Stakeholder pairs in one of our studies 1 were randomly assigned to conditions designed to either evoke deeper, more careful thought about the topic of discussion (high epistemic motive) or not receive any special instructions on processing the information (low epistemic motive). Immediately before engaging in dialogue, participants in the high epistemic motive condition are given the following instructions: “after you finish your discussion, I will conduct a short interview with each of you to talk about how the discussion went, the quality of the discussion process, and the ways in which you were able to come to an agreement on each specific point. To keep track of the discussion process, I will ask you to jot down a few points as you go along to help you remember the reasoning behind the joint ranking decisions.” By contrast, participants in the low epistemic motive condition are not given any special instructions and simply begin dialogue with their partner. The expectation was that dialogue with deeper processing (high epistemic motive) would yield more positive outcomes than dialogue with more shallow processing.

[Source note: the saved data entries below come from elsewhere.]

(* For a regular dimension-reduced canonical form, the infimal value $\underline L^*$ and solution set $\widehat W$ are as follows. (a) If the problem is non-Lagrangian, then $W_\circ=W_1=\emptyset$, $W=\{0_q\}$, and $\underline L^*=\sum_{i=1}^q\gamma_i^{-2}l_i^2>0$ is attained on $\widehat W=\{0_q\}$. (b) If it is multiply-Lagrangian, then $\underline L^*=0$, attained on $\widehat W=W_\circ=W_1=\{0_q\}$, and also $W_q=\{0_q\}$ when $\gamma_q<0$. (c) If it is singly-Lagrangian, then $\widehat W$ is the unique nonempty member of $\{W_\circ,W_1,W_q\}$ (with $W_q$ considered only if $\gamma_q<0$). Specifically: if $\gamma_q>0$, then $\underline f<0$, and $\widehat W=W_\circ$ if $\overline f>0$, $\widehat W=W_1$ if $\overline f\le0$; if $\gamma_q<0$, then $\widehat W=W_\circ$, $W_1$ or $W_q$ according as $\underline f<0<\overline f$, $\overline f\le0$, or $\underline f\ge0$. When $\widehat W=W_\circ$: $\underline L^*=\hat\lambda^2\{l_0^2+\sum_{i=1}^q(1-\hat\lambda\gamma_i)^{-2}l_i^2\}$, attained uniquely at $w=w(\hat\lambda)$, where $\hat\lambda$ is the unique solution of $f(\lambda)=0$ in $\Lambda^\circ$. When $\widehat W=W_1$: $\underline L^*=\gamma_1^{-2}\{l_0^2+\sum_{i=2}^q(1-\gamma_i/\gamma_1)^{-2}l_i^2\}+\zeta_1^2$, attained at $w=(\hat y_1,\pm\zeta_1,\hat z_{(1)}^\top)^\top$, where $\zeta_1=\sqrt{-f_1/\gamma_1}\ge0$. When $\widehat W=W_q$: $\underline L^*=\gamma_q^{-2}\{l_0^2+\sum_{i=1}^{q-1}(1-\gamma_i/\gamma_q)^{-2}l_i^2\}+\zeta_q^2$, attained at $w=(\hat y_q,\hat z_{(q)}^\top,\pm\zeta_q)^\top$, where $\zeta_q=\sqrt{f_q/(-\gamma_q)}\ge0$. (Coordinates $\hat y_1,\hat y_q$ are absent when $m_0=0$.)
   Context: Regular dimension-reduced canonical form: $q\ge1$, $\gamma_1>\dots>\gamma_q$ nonzero reals with $\gamma_1>0$, $\Gamma^*=\operatorname{diag}(\gamma_1,\dots,\gamma_q)$, $\delta=(\delta_i)$ with $\delta_i\ge0$, $k^*\in\mathbb{R}$, $\varepsilon\ge0$; either ($m_0=0$) $\varepsilon=0$, $w=z\in\mathbb{R}^q$, $w_0=\delta$, $\Delta=\Gamma^*$, $d=0$; or ($m_0>0$) $\varepsilon>0$, $w=(y,z^\top)^\top\in\mathbb{R}^{q+1}$, $w_0=(0,\delta^\top)^\top$, $\Delta=\operatorname{diag}(0,\Gamma^* )$, $d=\varepsilon e_1$. Problem: minimise $L^*(w)=\|w-w_0\|^2$ over $W=\{w:Q^*(w)=0\}\neq\emptyset$, $Q^*(w)=w^\top\Delta w+2d^\top w-k^*$; $\underline L^*=\inf_WL^*$, $\widehat W$ the set of minimisers. Let $l_0=\varepsilon$ and $l_i=|\gamma_i|\delta_i$. Admissible region $\Lambda=(-\infty,\gamma_1^{-1}]$ if $\gamma_q>0$, $[\gamma_q^{-1},\gamma_1^{-1}]$ if $\gamma_q<0$; $\Lambda^\circ$ its interior. $W(\lambda)$ is the set of $w\in W$ with $(I-\lambda\Delta)w=w_0+\lambda d$; $W_\circ=\bigcup_{\lambda\in\Lambda^\circ}W(\lambda)$, $W_1=W(\gamma_1^{-1})$, and (only if $\gamma_q<0$) $W_q=W(\gamma_q^{-1})$. For $\lambda\in\Lambda^\circ$: $w(\lambda)=(I-\lambda\Delta)^{-1}(w_0+\lambda d)$, $f(\lambda)=\sum_{i=1}^q(1-\lambda\gamma_i)^{-2}\gamma_i\delta_i^2+2\varepsilon^2\lambda-k^*$; $\underline f=\inf_{\Lambda^\circ}f$, $\overline f=\sup_{\Lambda^\circ}f$. Boundary quantities: $\hat y_1=\varepsilon\gamma_1^{-1}$, $\hat z_{(1)}\in\mathbb{R}^{q-1}$ with entries $(1-\gamma_i/\gamma_1)^{-1}\delta_i$ ($i=2,\dots,q$), $f_1=\sum_{i=2}^q\gamma_i(\hat z_{(1)})_i^2+2\varepsilon\hat y_1-k^*$; when $\gamma_q<0$: $\hat y_q=\varepsilon\gamma_q^{-1}$, $\hat z_{(q)}$ with entries $(1-\gamma_i/\gamma_q)^{-1}\delta_i$ ($i=1,\dots,q-1$), $f_q=\sum_{i=1}^{q-1}\gamma_i(\hat z_{(q)})_i^2+2\varepsilon\hat y_q-k^*$. The problem is non-Lagrangian if $m_0=0$, $k^*=0$, $\delta\neq0_q$ and $\gamma_q>0$; multiply-Lagrangian if $m_0=0$, $k^*=0$ and $\delta=0_q$; singly-Lagrangian otherwise. *)

From Stdlib Require Import Reals List Arith.
Open Scope R_scope.

(* sumR f a b = f a + f (a+1) + ... + f b   (0 if b < a) *)
Definition sumR (f : nat -> R) (a b : nat) : R :=
  fold_right (fun i acc => f i + acc) 0 (seq a (S b - a)).

(* Data of a dimension-reduced canonical form.
   gam i, del i are meaningful for 1 <= i <= nq; eps is epsilon;
   m0pos = true  <-> m0 > 0. *)
Record CF := mkCF {
  nq : nat; gam : nat -> R; del : nat -> R; kst : R; eps : R; m0pos : bool }.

Outcomes: Measuring effective stakeholder dialogue
To measure the effects of our experimental manipulations on the quality of the stakeholder dialogue process and outcomes, a variety of self-report measures have been used (see Appendix for the measures used). In all of our studies, participants provided self-reports of satisfaction with the dialogue (2-item scale, α = .85), positive views of the experience (5-item scale, α = .60), perceived change in one’s own and partner’s views (2-item scale, α = .88), and optimism about the dialogue outcomes (4-item scale, α = .75; Campbell & Mark, 2006). A measure of self-reported, conflict-handling style has also been administered to 35 dyads (DeDreu, Evers, Beersma, Kluwer, & Nauta, 2001). The Dutch Test of Conflict Handling (DUTCH) is comprised of five, 4-item subscales that measure self-reported use of particular styles of conflict handling in a negotiation process, including yielding to the wishes of the other party (α = .28), compromise, or the use of split-the-difference strategies (α = .63), forcing one’s views on the other party (α = .57), problem solving or searching for solutions with mutual benefit (α = .78), and avoidance of conflict altogether (α = .66).

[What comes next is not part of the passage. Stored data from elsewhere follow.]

(* Assume $\delta=0$, $k>2$, and that a fraction $b\in(0,1)$ of firms receive patents (no link costs). Then along any sequence of symmetric investment equilibria, $$\lim_{n\to\infty}q^*(0)\,n^{1/k}=\left(\frac{k-1}{b}\right)^{1/k}.$$
   Context: Model (for each number of firms $n\ge 2$). There are $n$ firms $1,\dots,n$; firm $i$ can discover a single idea, also labelled $i$. Fixed parameters: an integer complexity $k\ge 2$, $\delta\in[0,1]$, and a cost function $c:[0,1)\to[0,\infty)$ that is continuously differentiable, increasing and convex with $c(0)=0$ and $c(p)\to\infty$ as $p\to1^-$. A set of $bn$ firms are patented (exogenously); patent status is known. Each firm chooses an investment $p_i\in[0,1)$ and an openness in $[0,1]$; $q_i(1)$ denotes the openness chosen if $i$ has a patent and $q_i(0)$ if not. Idea $i$ is discovered independently with probability $p_i$; $I$ is the set of discovered ideas. With $q_i$ the openness actually used by $i$, the interaction rate is $\iota(q_i,q_j)=q_iq_j$. For each ordered pair $i\neq j$, independently, $i$ learns directly from $j$ with probability $\iota(q_i,q_j)$, and conditional on this, independently with probability $\delta$, $i$ also learns indirectly through $j$; with $\delta=0$, $I_i$ is the set of discovered ideas $j\neq i$ such that $i$ learns directly from $j$. A technology is a $k$-element $t\subseteq I$; firm $j$ knows $t$ if $t\subseteq\{j\}\cup I_j$. Firm $i$ receives $1$ for each technology $t$ such that $i\in t$, $i$ knows $t$, no idea $j\in t$ with $j\neq i$ is patented, and either $i$ is patented or $i$ is the unique firm knowing $t$; payoff is the expected count minus $c(p_i)$. An equilibrium is a pure-strategy Nash equilibrium; an investment equilibrium has all $p_i>0$; it is symmetric if all patented firms choose the same action $(p^*(1),q^*(1))$ and all unpatented firms the same action $(p^*(0),q^*(0))$. Sequences are indexed by $n\to\infty$. *)

From Stdlib Require Import Reals.
From mathcomp Require Import all_boot.

Set Implicit Arguments.
Unset Strict Implicit.
Unset Printing Implicit Defensive.
Open Scope R_scope.

Definition Rsum (I : finType) (F : I -> R) : R :=
  \big[Rplus/R0]_(i : I) F i.
Definition Rprod (I : finType) (F : I -> R) : R :=
  \big[Rmult/R1]_(i : I) F i.

Definition cost_function (c : R -> R) : Prop :=
  (forall p, (0 <= p < 1) -> (0 <= c p)) /\
  c 0 = 0 /\
  (forall x y, (0 <= x) -> (x < y) -> (y < 1) -> (c x < c y)) /\
  (forall x y l, (0 <= x < 1) -> (0 <= y < 1) -> (0 <= l <= 1) ->
     (c (l * x + (1 - l) * y) <= l * c x + (1 - l) * c y)) /\
  (exists c' : R -> R,
     (forall p, (0 < p < 1) -> derivable_pt_lim c p (c' p)) /\
     (forall eps, (0 < eps) -> exists del, (0 < del) /\
        forall h, (0 < h < del) -> (Rabs ((c h - c 0) / h - c' 0) < eps)) /\
     (forall p, (0 <= p < 1) -> forall eps, (0 < eps) ->
        exists del, (0 < del) /\ forall x, (0 <= x < 1) -> (Rabs (x - p) < del) ->
          (Rabs (c' x - c' p) < eps))) /\
  (forall M, exists eta, (0 < eta) /\
     forall p, (1 - eta < p) -> (p < 1) -> (M < c p)).

(* The random outcome: D = set I of discovered ideas, L = set of ordered *)
(* pairs (i,j) such that i learns directly from j.  Since delta = 0 there *)
(* is no indirect learning.                                               *)

(* probability of outcome (D, L) under investments p and (used) openness q;
   diagonal pairs (i,i) never belong to L (weight 0 otherwise). *)
Definition outcome_weight (n : nat) (p q : 'I_n -> R)
    (D : {set 'I_n}) (L : {set 'I_n * 'I_n}) : R :=
  (Rprod (fun i : 'I_n => if i \in D then p i else 1 - p i) *
   Rprod (fun x : 'I_n * 'I_n =>
            if x.1 == x.2 then (if x \in L then 0 else 1)
            else if x \in L then q x.1 * q x.2 else 1 - q x.1 * q x.2)).

Definition learned (n : nat) (D : {set 'I_n}) (L : {set 'I_n * 'I_n})
    (i : 'I_n) : {set 'I_n} :=
  [set j in D | (j != i) && ((i, j) \in L)].

Definition knows (n : nat) (D : {set 'I_n}) (L : {set 'I_n * 'I_n})
    (j : 'I_n) (t : {set 'I_n}) : bool :=
  t \subset (j |: learned D L j).

Definition rewarded (k n : nat) (pat : 'I_n -> bool) (D : {set 'I_n})
    (L : {set 'I_n * 'I_n}) (i : 'I_n) (t : {set 'I_n}) : bool :=
  [&& #|t| == k, t \subset D, i \in t, knows D L i t,
      [forall j in t, (j != i) ==> ~~ pat j] &
      pat i || [forall j, knows D L j t ==> (j == i)]].

Definition reward_count (k n : nat) (pat : 'I_n -> bool) (D : {set 'I_n})
    (L : {set 'I_n * 'I_n}) (i : 'I_n) : nat :=
  #|[set t : {set 'I_n} | rewarded k pat D L i t]|.

Definition payoff (k n : nat) (c : R -> R) (pat : 'I_n -> bool)
    (p q : 'I_n -> R) (i : 'I_n) : R :=
  (Rsum (fun o : {set 'I_n} * {set 'I_n * 'I_n} =>
           outcome_weight p q o.1 o.2 * INR (reward_count k pat o.1 o.2 i))
   - c (p i)).

Definition admissible (p q : R) : Prop := (0 <= p < 1) /\ (0 <= q <= 1).

Definition update (n : nat) (f : 'I_n -> R) (i : 'I_n) (x : R) : 'I_n -> R :=
  fun j => if j == i then x else f j.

Key Findings From Analogue Studies of Stakeholder Dialogue
The findings we report here are based on a series of one-way multivariate analyses of variance (MANOVA) examining the main effects of each contextual variable separately (accountability frame: heterogeneous vs. homogeneous; interpersonal prosocial motive: prosocial vs. control; epistemic motive: high vs. low) on our self-report outcome variables. Because random assignment was done at the dyadic level, and to avoid issues of dependence in the data, all analyses were conducted at the level of dyad.
Effects of Accountability Frame on Stakeholder Dialogue Outcomes
A one-way MANOVA was conducted with accountability frame as the independent variable, and measures of optimism, positivity, satisfaction, and perceived change as dependent variables. 2 The multivariate omnibus test was statistically significant, F(4, 51) = 3.95, p = .007. Table 1 provides the univariate results for this analysis. Dyads who adopted a heterogeneous accountability frame tended to view the dialogue process more optimistically and were more satisfied with the experience relative to dyads with a homogeneous accountability frame. Accountability frame did not significantly impact positive views of the dialogue process or perceptions of change in the dialogue partner. While not uniformly consistent, there is at least some evidence to suggest that the way in which the accountability experience is framed can impact the dialogue process in a positive way.
Effects of Accountability Frame on Stakeholder Dialogue Outcomes.a
Note. ns = not significant; SD = standard deviation. a Scale ranges from 1 to 7.
Effects of interpersonal, prosocial motives
Another key observation from the work we have done so far is that compared to dyads where no special instructions were given, dyads primed with prosocial motives showed better outcomes on a variety of measures.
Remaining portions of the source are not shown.